Your task – In the entries below, how many lines contain the string "asin"? State the number and nothing else.

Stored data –
(* Consider a two-bus network consisting of a single line with admittance $g-jb$ ($g,b\ge 0$) joining bus 1 and bus 2, where the voltage magnitudes $|V_1|,|V_2|>0$ are fixed. Let $\underline{\theta}\in[-\pi,0]$ and $\overline{\theta}\in[0,\pi]$, and let $\mathcal{P}\subset\mathbb{R}^2$ be the set of all points $(P_1,P_2)$ with $$P_1=|V_1|^2 g+|V_1||V_2| b\sin\theta-|V_1||V_2| g\cos\theta,\qquad P_2=|V_2|^2 g-|V_1||V_2| b\sin\theta-|V_1||V_2| g\cos\theta$$ obtained as $\theta$ ranges over $[\underline{\theta},\overline{\theta}]$. Then $\mathcal{O}(\mathcal{P})=\mathcal{O}(\mathrm{conv}(\mathcal{P}))$.
   Context: For a set $\mathcal{A}\subseteq\mathbb{R}^m$, a point $x\in\mathcal{A}$ is Pareto-optimal if there is no $y\in\mathcal{A}$ with $y\le x$ componentwise and strict inequality in at least one coordinate; $\mathcal{O}(\mathcal{A})$ denotes the set of Pareto-optimal points of $\mathcal{A}$. $\mathrm{conv}(\cdot)$ denotes the convex hull. Here $\theta=\theta_1-\theta_2$ is the difference of the voltage phase angles at the two buses, and $P_i$ is the real power injected at bus $i$. *)

From Stdlib Require Import Reals List.
Open Scope R_scope.

Definition pt := (R * R)%type.

Definition dominates (y x : pt) : Prop :=
  fst y <= fst x /\ snd y <= snd x /\ (fst y < fst x \/ snd y < snd x).

Definition pareto (A : pt -> Prop) (x : pt) : Prop :=
  A x /\ ~ (exists y, A y /\ dominates y x).

Definition wsum (l : list (R * pt)) : pt :=
  (fold_right (fun wp s => fst wp * fst (snd wp) + s) 0 l,
   fold_right (fun wp s => fst wp * snd (snd wp) + s) 0 l).

Definition conv (A : pt -> Prop) (x : pt) : Prop :=
  exists l : list (R * pt),
    Forall (fun wp => 0 <= fst wp /\ A (snd wp)) l /\
    fold_right (fun wp s => fst wp + s) 0 l = 1 /\
    x = wsum l.

Definition two_bus_P (g b V1 V2 thl thu : R) (p : pt) : Prop :=
  exists th, thl <= th <= thu /\
    fst p = V1 ^ 2 * g + V1 * V2 * b * sin th - V1 * V2 * g * cos th /\
    snd p = V2 ^ 2 * g - V1 * V2 * b * sin th - V1 * V2 * g * cos th.

(* Every point y of conv P is weakly dominated by a point of P; since P is
   contained in conv P, this forces the two Pareto fronts to coincide.
   Along the curve, P1 - P2 = (V1^2 - V2^2) g + 2 V1 V2 b sin θ.  If y1 - y2
   is at least its value at the minimiser of P2 (or at most its value at the
   minimiser of P1), that minimiser dominates y.  Otherwise some θ with
   cos θ > 0 has P1 θ - P2 θ = y1 - y2; the linear form with normal
   (b cos θ - g sin θ, b cos θ + g sin θ) equals a constant minus
   2 V1 V2 b g cos (s - θ) at the curve point of parameter s, so it supports P
   at θ, hence also conv P, and as the normal has positive coordinate sum
   2 b cos θ, y lies above P(θ) along the diagonal. *)
From Stdlib Require Import Reals Lra Psatz List.
Open Scope R_scope.

Lemma conv_of_mem (A : pt -> Prop) x : A x -> conv A x.
Proof.
  intros Hx. exists ((1, x) :: nil). split; [|split].
  - constructor; [split; [simpl; lra | exact Hx] | constructor].
  - simpl; ring.
  - destruct x as [x1 x2]; unfold wsum; simpl; f_equal; ring.
Qed.

Lemma wsum_halfplane (A : pt -> Prop) (al be ga : R) l :
  (forall z, A z -> ga <= al * fst z + be * snd z) ->
  Forall (fun wp => 0 <= fst wp /\ A (snd wp)) l ->
  ga * fold_right (fun wp s => fst wp + s) 0 l <= al * fst (wsum l) + be * snd (wsum l).
Proof.
  intros HA. induction l as [|[w p] l IH]; intros Hl; unfold wsum in *; simpl in *.
  - lra.
  - inversion Hl as [|? ? [Hw Hp] Hl']; subst.
    simpl in Hw, Hp. specialize (IH Hl'). specialize (HA p Hp).
    assert (w * ga <= w * (al * fst p + be * snd p)) by (apply Rmult_le_compat_l; lra).
    nra.
Qed.

Lemma conv_halfplane (A : pt -> Prop) (al be ga : R) :
  (forall z, A z -> ga <= al * fst z + be * snd z) ->
  forall x, conv A x -> ga <= al * fst x + be * snd x.
Proof.
  intros HA x [l [Hl [H1 ->]]].
  pose proof (wsum_halfplane A al be ga l HA Hl) as H. rewrite H1 in H. lra.
Qed.

Lemma pareto_eq_of_weakly_dominated (A B : pt -> Prop) :
  (forall x, A x -> B x) ->
  (forall y, B y -> exists z, A z /\ fst z <= fst y /\ snd z <= snd y) ->
  forall x, pareto A x <-> pareto B x.
Proof.
  intros AB Bdom x. unfold pareto, dominates. split.
  - intros [Hx Hmin]. split; [now apply AB|].
    intros [y [Hy Hyx]]. destruct (Bdom y Hy) as [z [Hz Hzy]].
    apply Hmin. exists z. split; [exact Hz | lra].
  - intros [Hx Hmin]. destruct (Bdom x Hx) as [[z1 z2] [Hz [Hz1 Hz2]]]; simpl in *.
    destruct (Rle_lt_or_eq_dec _ _ Hz1) as [Hlt1 | E1];
      [| destruct (Rle_lt_or_eq_dec _ _ Hz2) as [Hlt2 | E2]];
      try (exfalso; apply Hmin; exists (z1, z2); simpl; split; [now apply AB | lra]).
    destruct x as [x1 x2]; simpl in *; subst.
    split; [exact Hz|].
    intros [y [Hy Hyx]]. apply Hmin. exists y. split; [now apply AB | exact Hyx].
Qed.

Lemma sin_le_sin_right_end t u : - PI <= t -> t <= u -> 0 <= u <= PI / 2 ->
  sin t <= sin u.
Proof.
  intros Ht Htu Hu. destruct (Rle_dec (- (PI / 2)) t).
  - apply sin_incr_1; lra.
  - assert (0 <= sin (- t)) by (apply sin_ge_0; lra).
    assert (0 <= sin u) by (apply sin_ge_0; lra).
    rewrite sin_neg in *. lra.
Qed.

Lemma sin_le_sin_left_end l t : - (PI / 2) <= l <= 0 -> l <= t -> t <= PI ->
  sin l <= sin t.
Proof.
  intros Hl Hlt Ht.
  pose proof (sin_le_sin_right_end (- t) (- l)) as H. rewrite !sin_neg in H.
  assert (- sin t <= - sin l) by (apply H; lra). lra.
Qed.

Lemma sin_attained_with_cos_pos thl thu t1 t2 w :
  - PI <= thl <= 0 -> 0 <= thu <= PI ->
  thl <= t1 <= thu -> thl <= t2 <= thu -> sin t1 < w < sin t2 ->
  exists t, thl <= t <= thu /\ sin t = w /\ 0 < cos t.
Proof.
  intros Hthl Hthu Ht1 Ht2 Hw.
  pose proof (SIN_bound t1). pose proof (SIN_bound t2).
  assert (Hsin : sin (asin w) = w) by (apply sin_asin; lra).
  assert (Hrange : - (PI / 2) < asin w < PI / 2) by (apply asin_bound_lt; lra).
  exists (asin w). repeat split; [| | exact Hsin | apply cos_gt_0; lra].
  - destruct (Rle_dec thl (asin w)) as [|Hlt]; [assumption | exfalso].
    assert (sin thl <= sin t1) by (apply sin_le_sin_left_end; lra).
    assert (sin (asin w) <= sin thl) by (apply sin_incr_1; lra). lra.
  - destruct (Rle_dec (asin w) thu) as [|Hlt]; [assumption | exfalso].
    assert (sin t2 <= sin thu) by (apply sin_le_sin_right_end; lra).
    assert (sin thu <= sin (asin w)) by (apply sin_incr_1; lra). lra.
Qed.

Section TwoBus.

Variables g b V1 V2 thl thu : R.
Hypotheses (hg : 0 <= g) (hb : 0 <= b) (hV1 : 0 < V1) (hV2 : 0 < V2)
  (hthl : - PI <= thl <= 0) (hthu : 0 <= thu <= PI).

Definition P1 t := V1 ^ 2 * g + V1 * V2 * b * sin t - V1 * V2 * g * cos t.
Definition P2 t := V2 ^ 2 * g - V1 * V2 * b * sin t - V1 * V2 * g * cos t.

Let P := two_bus_P g b V1 V2 thl thu.

Lemma two_bus_P_param z : P z <-> exists t, thl <= t <= thu /\ z = (P1 t, P2 t).
Proof.
  split.
  - intros [t [Ht [E1 E2]]]. exists t. split; [exact Ht|].
    destruct z; simpl in *; subst; reflexivity.
  - intros [t [Ht ->]]. exists t. now repeat split.
Qed.

Lemma P1_sub_P2 t : P1 t - P2 t = (V1 ^ 2 - V2 ^ 2) * g + 2 * (V1 * V2) * b * sin t.
Proof. unfold P1, P2; ring. Qed.

Lemma P_supporting_line s t :
  (b * cos t - g * sin t) * P1 t + (b * cos t + g * sin t) * P2 t
  <= (b * cos t - g * sin t) * P1 s + (b * cos t + g * sin t) * P2 s.
Proof.
  assert (E : forall s, (b * cos t - g * sin t) * P1 s + (b * cos t + g * sin t) * P2 s
    = (b * cos t - g * sin t) * V1 ^ 2 * g + (b * cos t + g * sin t) * V2 ^ 2 * g
      - 2 * (V1 * V2) * b * g * cos (s - t)).
  { intros s'. rewrite cos_minus. unfold P1, P2. ring. }
  rewrite !E, Rminus_diag, cos_0.
  assert (0 <= 2 * (V1 * V2) * b * g) by (repeat apply Rmult_le_pos; lra).
  pose proof (COS_bound (s - t)). nra.
Qed.

Lemma conv_P_above_diagonal t y :
  0 < b -> 0 < cos t -> conv P y -> fst y - snd y = P1 t - P2 t ->
  P1 t <= fst y /\ P2 t <= snd y.
Proof.
  intros Hb Hcos Hy Hdiff.
  assert (Hsupp := conv_halfplane P (b * cos t - g * sin t) (b * cos t + g * sin t)
    ((b * cos t - g * sin t) * P1 t + (b * cos t + g * sin t) * P2 t)).
  assert (H : (b * cos t - g * sin t) * P1 t + (b * cos t + g * sin t) * P2 t
    <= (b * cos t - g * sin t) * fst y + (b * cos t + g * sin t) * snd y).
  { apply Hsupp; [|exact Hy].
    intros z Hz. destruct (proj1 (two_bus_P_param z) Hz) as [s [_ ->]].
    apply P_supporting_line. }
  assert (0 < 2 * b * cos t) by nra.
  assert (0 <= 2 * b * cos t * (fst y - P1 t)) by nra.
  assert (0 <= fst y - P1 t) by nra.
  lra.
Qed.

Lemma conv_P_weakly_dominated y : conv P y ->
  exists z, P z /\ fst z <= fst y /\ snd z <= snd y.
Proof.
  intros Hy.
  assert (Hle : thl <= thu) by lra.
  destruct (continuity_ab_min P1 thl thu Hle) as [t1 [Hmin1 Ht1]].
  { intros c _. unfold P1. reg. }
  destruct (continuity_ab_min P2 thl thu Hle) as [t2 [Hmin2 Ht2]].
  { intros c _. unfold P2. reg. }
  assert (Hy1 : P1 t1 <= fst y).
  { enough (P1 t1 <= 1 * fst y + 0 * snd y) by lra.
    apply (conv_halfplane P); [|exact Hy].
    intros z Hz. destruct (proj1 (two_bus_P_param z) Hz) as [s [Hs ->]]. simpl.
    specialize (Hmin1 s Hs). lra. }
  assert (Hy2 : P2 t2 <= snd y).
  { enough (P2 t2 <= 0 * fst y + 1 * snd y) by lra.
    apply (conv_halfplane P); [|exact Hy].
    intros z Hz. destruct (proj1 (two_bus_P_param z) Hz) as [s [Hs ->]]. simpl.
    specialize (Hmin2 s Hs). lra. }
  destruct (Rle_dec (P1 t2 - P2 t2) (fst y - snd y)) as [C2 | C2].
  { exists (P1 t2, P2 t2). split; [apply two_bus_P_param; now exists t2 | simpl; lra]. }
  destruct (Rle_dec (fst y - snd y) (P1 t1 - P2 t1)) as [C1 | C1].
  { exists (P1 t1, P2 t1). split; [apply two_bus_P_param; now exists t1 | simpl; lra]. }
  rewrite !P1_sub_P2 in C1, C2.
  assert (Hb : 0 < b).
  { destruct hb as [| <-]; [assumption | lra]. }
  assert (HK : 0 < 2 * (V1 * V2) * b) by (apply Rmult_lt_0_compat; nra).
  set (w := (fst y - snd y - (V1 ^ 2 - V2 ^ 2) * g) / (2 * (V1 * V2) * b)).
  assert (Hw : sin t1 < w < sin t2).
  { unfold w. split.
    - apply Rmult_lt_reg_r with (2 * (V1 * V2) * b); [assumption|].
      field_simplify; nra.
    - apply Rmult_lt_reg_r with (2 * (V1 * V2) * b); [assumption|].
      field_simplify; nra. }
  destruct (sin_attained_with_cos_pos thl thu t1 t2 w hthl hthu Ht1 Ht2 Hw)
    as [t [Ht [Hsin Hcos]]].
  assert (Hdiff : fst y - snd y = P1 t - P2 t).
  { rewrite P1_sub_P2, Hsin. unfold w. field. lra. }
  exists (P1 t, P2 t). split; [apply two_bus_P_param; now exists t|].
  now apply conv_P_above_diagonal.
Qed.

End TwoBus.

Theorem lemma1 (g b V1 V2 thl thu : R)
  (hg : 0 <= g) (hb : 0 <= b) (hV1 : 0 < V1) (hV2 : 0 < V2)
  (hthl : - PI <= thl <= 0) (hthu : 0 <= thu <= PI) :
  forall x : pt,
    pareto (two_bus_P g b V1 V2 thl thu) x <->
    pareto (conv (two_bus_P g b V1 V2 thl thu)) x.
Proof.
  apply pareto_eq_of_weakly_dominated.
  - apply conv_of_mem.
  - exact (conv_P_weakly_dominated g b V1 V2 thl thu hg hb hV1 hV2 hthl hthu).
Qed.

Response – 7